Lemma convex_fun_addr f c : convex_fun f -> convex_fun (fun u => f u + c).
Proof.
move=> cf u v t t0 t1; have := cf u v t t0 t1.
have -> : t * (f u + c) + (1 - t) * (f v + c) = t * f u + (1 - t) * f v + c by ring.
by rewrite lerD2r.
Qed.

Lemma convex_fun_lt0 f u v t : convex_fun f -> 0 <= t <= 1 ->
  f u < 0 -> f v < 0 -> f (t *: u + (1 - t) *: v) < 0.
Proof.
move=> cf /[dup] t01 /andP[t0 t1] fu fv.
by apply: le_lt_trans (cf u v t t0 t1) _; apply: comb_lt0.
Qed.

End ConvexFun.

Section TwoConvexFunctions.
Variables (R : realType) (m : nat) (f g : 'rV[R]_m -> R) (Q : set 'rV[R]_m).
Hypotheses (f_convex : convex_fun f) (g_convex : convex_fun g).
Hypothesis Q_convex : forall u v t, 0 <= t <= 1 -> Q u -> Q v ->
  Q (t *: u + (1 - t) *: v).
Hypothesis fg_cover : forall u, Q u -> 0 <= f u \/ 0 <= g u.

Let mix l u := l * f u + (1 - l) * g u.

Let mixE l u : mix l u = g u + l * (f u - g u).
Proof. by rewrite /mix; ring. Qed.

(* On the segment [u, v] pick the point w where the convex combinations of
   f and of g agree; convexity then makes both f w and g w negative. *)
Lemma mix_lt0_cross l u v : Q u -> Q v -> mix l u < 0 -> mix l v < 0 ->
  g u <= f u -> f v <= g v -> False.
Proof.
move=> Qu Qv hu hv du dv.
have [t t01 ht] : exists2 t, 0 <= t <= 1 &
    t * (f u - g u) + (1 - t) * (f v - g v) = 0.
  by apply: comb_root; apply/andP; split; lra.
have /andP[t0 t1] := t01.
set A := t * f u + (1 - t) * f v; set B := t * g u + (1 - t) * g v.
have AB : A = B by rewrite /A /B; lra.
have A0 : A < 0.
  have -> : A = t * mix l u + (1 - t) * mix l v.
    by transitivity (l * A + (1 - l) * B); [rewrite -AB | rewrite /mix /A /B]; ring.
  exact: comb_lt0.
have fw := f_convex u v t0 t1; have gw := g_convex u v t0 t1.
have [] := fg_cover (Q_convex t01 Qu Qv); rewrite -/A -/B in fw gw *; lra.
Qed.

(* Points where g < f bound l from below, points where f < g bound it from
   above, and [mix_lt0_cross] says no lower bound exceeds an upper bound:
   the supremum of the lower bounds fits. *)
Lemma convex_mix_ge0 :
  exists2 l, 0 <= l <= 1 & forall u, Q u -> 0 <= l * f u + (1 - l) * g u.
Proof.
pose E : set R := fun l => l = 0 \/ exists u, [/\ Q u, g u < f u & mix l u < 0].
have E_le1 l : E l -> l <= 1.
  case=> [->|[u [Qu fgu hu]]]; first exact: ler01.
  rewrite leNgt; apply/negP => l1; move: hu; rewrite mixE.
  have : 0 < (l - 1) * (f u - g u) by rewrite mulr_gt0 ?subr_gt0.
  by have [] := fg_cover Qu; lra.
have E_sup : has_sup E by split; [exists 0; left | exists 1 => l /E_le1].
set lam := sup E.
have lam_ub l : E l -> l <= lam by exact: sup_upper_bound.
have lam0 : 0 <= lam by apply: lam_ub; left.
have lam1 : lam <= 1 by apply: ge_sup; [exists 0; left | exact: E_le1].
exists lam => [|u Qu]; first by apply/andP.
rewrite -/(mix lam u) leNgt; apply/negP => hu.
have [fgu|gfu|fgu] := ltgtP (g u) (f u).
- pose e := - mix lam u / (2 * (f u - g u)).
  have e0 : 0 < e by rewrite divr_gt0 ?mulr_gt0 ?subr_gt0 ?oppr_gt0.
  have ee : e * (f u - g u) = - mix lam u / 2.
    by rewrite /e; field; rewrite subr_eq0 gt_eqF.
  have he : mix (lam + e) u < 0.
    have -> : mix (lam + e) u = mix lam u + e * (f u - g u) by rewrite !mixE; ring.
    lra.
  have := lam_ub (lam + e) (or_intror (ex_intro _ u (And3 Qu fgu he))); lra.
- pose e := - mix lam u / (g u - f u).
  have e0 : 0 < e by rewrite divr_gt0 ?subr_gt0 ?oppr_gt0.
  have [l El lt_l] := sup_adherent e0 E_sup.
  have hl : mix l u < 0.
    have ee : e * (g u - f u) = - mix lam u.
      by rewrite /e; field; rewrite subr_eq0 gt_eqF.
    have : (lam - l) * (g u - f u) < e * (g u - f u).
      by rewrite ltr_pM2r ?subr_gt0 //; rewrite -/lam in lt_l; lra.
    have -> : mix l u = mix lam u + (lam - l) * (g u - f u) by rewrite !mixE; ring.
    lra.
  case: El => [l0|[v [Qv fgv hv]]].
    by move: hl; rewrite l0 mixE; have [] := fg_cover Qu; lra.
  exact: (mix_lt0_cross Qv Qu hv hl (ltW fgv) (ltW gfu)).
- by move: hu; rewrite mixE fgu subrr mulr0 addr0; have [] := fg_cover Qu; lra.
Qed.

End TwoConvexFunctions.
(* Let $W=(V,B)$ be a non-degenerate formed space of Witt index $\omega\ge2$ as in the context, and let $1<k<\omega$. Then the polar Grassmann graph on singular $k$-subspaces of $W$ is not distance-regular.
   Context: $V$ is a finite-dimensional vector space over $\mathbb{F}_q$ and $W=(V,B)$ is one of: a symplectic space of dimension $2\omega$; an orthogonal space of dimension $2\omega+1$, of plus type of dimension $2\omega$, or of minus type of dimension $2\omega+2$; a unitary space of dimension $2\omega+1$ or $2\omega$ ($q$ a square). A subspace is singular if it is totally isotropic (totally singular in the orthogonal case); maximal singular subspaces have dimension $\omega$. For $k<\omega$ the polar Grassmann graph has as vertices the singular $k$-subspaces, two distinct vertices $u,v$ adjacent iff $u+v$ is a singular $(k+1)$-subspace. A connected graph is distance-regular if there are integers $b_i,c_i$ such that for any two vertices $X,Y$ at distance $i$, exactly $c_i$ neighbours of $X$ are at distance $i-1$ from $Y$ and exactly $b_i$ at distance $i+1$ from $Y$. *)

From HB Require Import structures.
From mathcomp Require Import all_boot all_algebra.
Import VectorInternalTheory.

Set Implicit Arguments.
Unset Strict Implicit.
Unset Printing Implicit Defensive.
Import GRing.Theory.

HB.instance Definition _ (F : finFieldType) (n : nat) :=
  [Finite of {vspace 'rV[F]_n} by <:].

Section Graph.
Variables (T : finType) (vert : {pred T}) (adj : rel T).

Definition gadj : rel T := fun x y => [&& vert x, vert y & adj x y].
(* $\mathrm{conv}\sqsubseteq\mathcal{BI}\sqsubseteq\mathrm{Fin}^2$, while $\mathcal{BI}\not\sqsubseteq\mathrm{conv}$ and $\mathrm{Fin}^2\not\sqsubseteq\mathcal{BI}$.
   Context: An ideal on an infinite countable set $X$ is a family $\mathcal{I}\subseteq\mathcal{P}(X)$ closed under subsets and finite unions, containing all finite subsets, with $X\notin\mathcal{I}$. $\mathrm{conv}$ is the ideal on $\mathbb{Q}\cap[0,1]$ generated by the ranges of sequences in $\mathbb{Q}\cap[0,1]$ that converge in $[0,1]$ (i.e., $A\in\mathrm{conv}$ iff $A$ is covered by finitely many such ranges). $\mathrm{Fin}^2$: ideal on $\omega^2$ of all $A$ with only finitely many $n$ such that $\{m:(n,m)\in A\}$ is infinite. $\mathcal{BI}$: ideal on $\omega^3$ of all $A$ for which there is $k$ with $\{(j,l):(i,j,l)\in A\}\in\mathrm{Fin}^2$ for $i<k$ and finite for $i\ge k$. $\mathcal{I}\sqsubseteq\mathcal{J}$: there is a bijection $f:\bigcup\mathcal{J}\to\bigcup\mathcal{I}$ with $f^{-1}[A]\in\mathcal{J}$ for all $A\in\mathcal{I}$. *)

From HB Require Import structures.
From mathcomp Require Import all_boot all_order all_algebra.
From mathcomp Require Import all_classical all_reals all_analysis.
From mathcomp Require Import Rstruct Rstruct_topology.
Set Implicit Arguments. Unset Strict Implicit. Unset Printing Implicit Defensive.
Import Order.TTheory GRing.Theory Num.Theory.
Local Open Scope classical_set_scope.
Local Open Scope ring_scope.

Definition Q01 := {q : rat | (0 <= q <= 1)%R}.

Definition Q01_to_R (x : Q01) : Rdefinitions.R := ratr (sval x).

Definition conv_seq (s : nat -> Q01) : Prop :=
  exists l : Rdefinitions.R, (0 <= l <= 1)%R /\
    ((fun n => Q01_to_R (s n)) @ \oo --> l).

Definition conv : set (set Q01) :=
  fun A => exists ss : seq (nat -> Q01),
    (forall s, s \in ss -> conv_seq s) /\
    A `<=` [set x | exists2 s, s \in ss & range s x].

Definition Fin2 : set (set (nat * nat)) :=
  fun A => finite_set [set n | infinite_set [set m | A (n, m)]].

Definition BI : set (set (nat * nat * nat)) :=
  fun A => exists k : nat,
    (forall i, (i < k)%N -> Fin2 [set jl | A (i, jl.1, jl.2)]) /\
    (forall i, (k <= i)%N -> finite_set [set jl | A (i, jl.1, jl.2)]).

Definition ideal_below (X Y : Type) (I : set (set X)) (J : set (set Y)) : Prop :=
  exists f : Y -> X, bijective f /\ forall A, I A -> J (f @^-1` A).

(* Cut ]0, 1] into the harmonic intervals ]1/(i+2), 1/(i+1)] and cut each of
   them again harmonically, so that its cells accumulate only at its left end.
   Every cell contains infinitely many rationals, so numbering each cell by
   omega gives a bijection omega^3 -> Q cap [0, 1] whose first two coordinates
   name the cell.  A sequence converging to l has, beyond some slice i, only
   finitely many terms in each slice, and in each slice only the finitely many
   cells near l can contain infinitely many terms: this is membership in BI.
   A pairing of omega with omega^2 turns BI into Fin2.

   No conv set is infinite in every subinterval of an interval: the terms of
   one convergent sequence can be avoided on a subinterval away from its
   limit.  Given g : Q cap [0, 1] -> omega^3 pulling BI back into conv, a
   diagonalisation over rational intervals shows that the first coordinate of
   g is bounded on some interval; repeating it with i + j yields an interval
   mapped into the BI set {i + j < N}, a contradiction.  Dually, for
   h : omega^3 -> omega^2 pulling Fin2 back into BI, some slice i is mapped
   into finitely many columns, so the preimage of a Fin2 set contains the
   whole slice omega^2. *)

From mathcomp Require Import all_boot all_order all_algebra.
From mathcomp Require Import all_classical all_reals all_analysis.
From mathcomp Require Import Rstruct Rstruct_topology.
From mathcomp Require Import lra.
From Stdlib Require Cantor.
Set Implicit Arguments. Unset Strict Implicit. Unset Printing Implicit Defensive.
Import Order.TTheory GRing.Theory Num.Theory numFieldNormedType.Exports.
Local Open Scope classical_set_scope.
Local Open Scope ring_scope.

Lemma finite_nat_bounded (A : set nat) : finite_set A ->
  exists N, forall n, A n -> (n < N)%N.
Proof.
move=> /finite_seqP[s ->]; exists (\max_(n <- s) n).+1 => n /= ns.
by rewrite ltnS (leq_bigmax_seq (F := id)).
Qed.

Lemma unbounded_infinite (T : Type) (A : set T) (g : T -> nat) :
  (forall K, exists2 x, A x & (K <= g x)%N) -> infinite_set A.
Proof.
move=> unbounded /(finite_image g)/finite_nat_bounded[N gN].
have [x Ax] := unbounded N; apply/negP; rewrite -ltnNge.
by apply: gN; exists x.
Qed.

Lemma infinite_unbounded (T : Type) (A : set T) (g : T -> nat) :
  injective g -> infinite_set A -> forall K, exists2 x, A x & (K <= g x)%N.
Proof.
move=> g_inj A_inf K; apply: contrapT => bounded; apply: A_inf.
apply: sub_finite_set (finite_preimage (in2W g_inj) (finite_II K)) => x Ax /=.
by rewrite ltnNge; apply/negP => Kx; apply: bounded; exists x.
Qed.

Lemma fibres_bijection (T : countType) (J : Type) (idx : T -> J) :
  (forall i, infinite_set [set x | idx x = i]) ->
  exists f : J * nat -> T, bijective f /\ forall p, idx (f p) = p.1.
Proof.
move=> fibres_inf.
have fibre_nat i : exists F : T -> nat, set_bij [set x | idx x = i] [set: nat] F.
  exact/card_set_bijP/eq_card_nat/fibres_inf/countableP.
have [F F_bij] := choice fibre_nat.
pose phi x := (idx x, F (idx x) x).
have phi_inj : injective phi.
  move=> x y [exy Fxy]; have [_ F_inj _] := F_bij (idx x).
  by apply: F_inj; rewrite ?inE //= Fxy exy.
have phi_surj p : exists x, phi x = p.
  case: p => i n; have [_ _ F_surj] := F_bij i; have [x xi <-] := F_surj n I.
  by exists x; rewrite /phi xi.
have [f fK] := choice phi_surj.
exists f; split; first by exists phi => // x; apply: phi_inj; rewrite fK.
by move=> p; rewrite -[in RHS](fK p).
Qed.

What to work on:
Beginning at the first line of the records, give again each line exactly as written, ending with the line that contains "set A := t *".

Exercise response:
Lemma convex_fun_addr f c : convex_fun f -> convex_fun (fun u => f u + c).
Proof.
move=> cf u v t t0 t1; have := cf u v t t0 t1.
have -> : t * (f u + c) + (1 - t) * (f v + c) = t * f u + (1 - t) * f v + c by ring.
by rewrite lerD2r.
Qed.

Lemma convex_fun_lt0 f u v t : convex_fun f -> 0 <= t <= 1 ->
  f u < 0 -> f v < 0 -> f (t *: u + (1 - t) *: v) < 0.
Proof.
move=> cf /[dup] t01 /andP[t0 t1] fu fv.
by apply: le_lt_trans (cf u v t t0 t1) _; apply: comb_lt0.
Qed.

End ConvexFun.

Section TwoConvexFunctions.
Variables (R : realType) (m : nat) (f g : 'rV[R]_m -> R) (Q : set 'rV[R]_m).
Hypotheses (f_convex : convex_fun f) (g_convex : convex_fun g).
Hypothesis Q_convex : forall u v t, 0 <= t <= 1 -> Q u -> Q v ->
  Q (t *: u + (1 - t) *: v).
Hypothesis fg_cover : forall u, Q u -> 0 <= f u \/ 0 <= g u.

Let mix l u := l * f u + (1 - l) * g u.

Let mixE l u : mix l u = g u + l * (f u - g u).
Proof. by rewrite /mix; ring. Qed.

(* On the segment [u, v] pick the point w where the convex combinations of
   f and of g agree; convexity then makes both f w and g w negative. *)
Lemma mix_lt0_cross l u v : Q u -> Q v -> mix l u < 0 -> mix l v < 0 ->
  g u <= f u -> f v <= g v -> False.
Proof.
move=> Qu Qv hu hv du dv.
have [t t01 ht] : exists2 t, 0 <= t <= 1 &
    t * (f u - g u) + (1 - t) * (f v - g v) = 0.
  by apply: comb_root; apply/andP; split; lra.
have /andP[t0 t1] := t01.
set A := t * f u + (1 - t) * f v; set B := t * g u + (1 - t) * g v.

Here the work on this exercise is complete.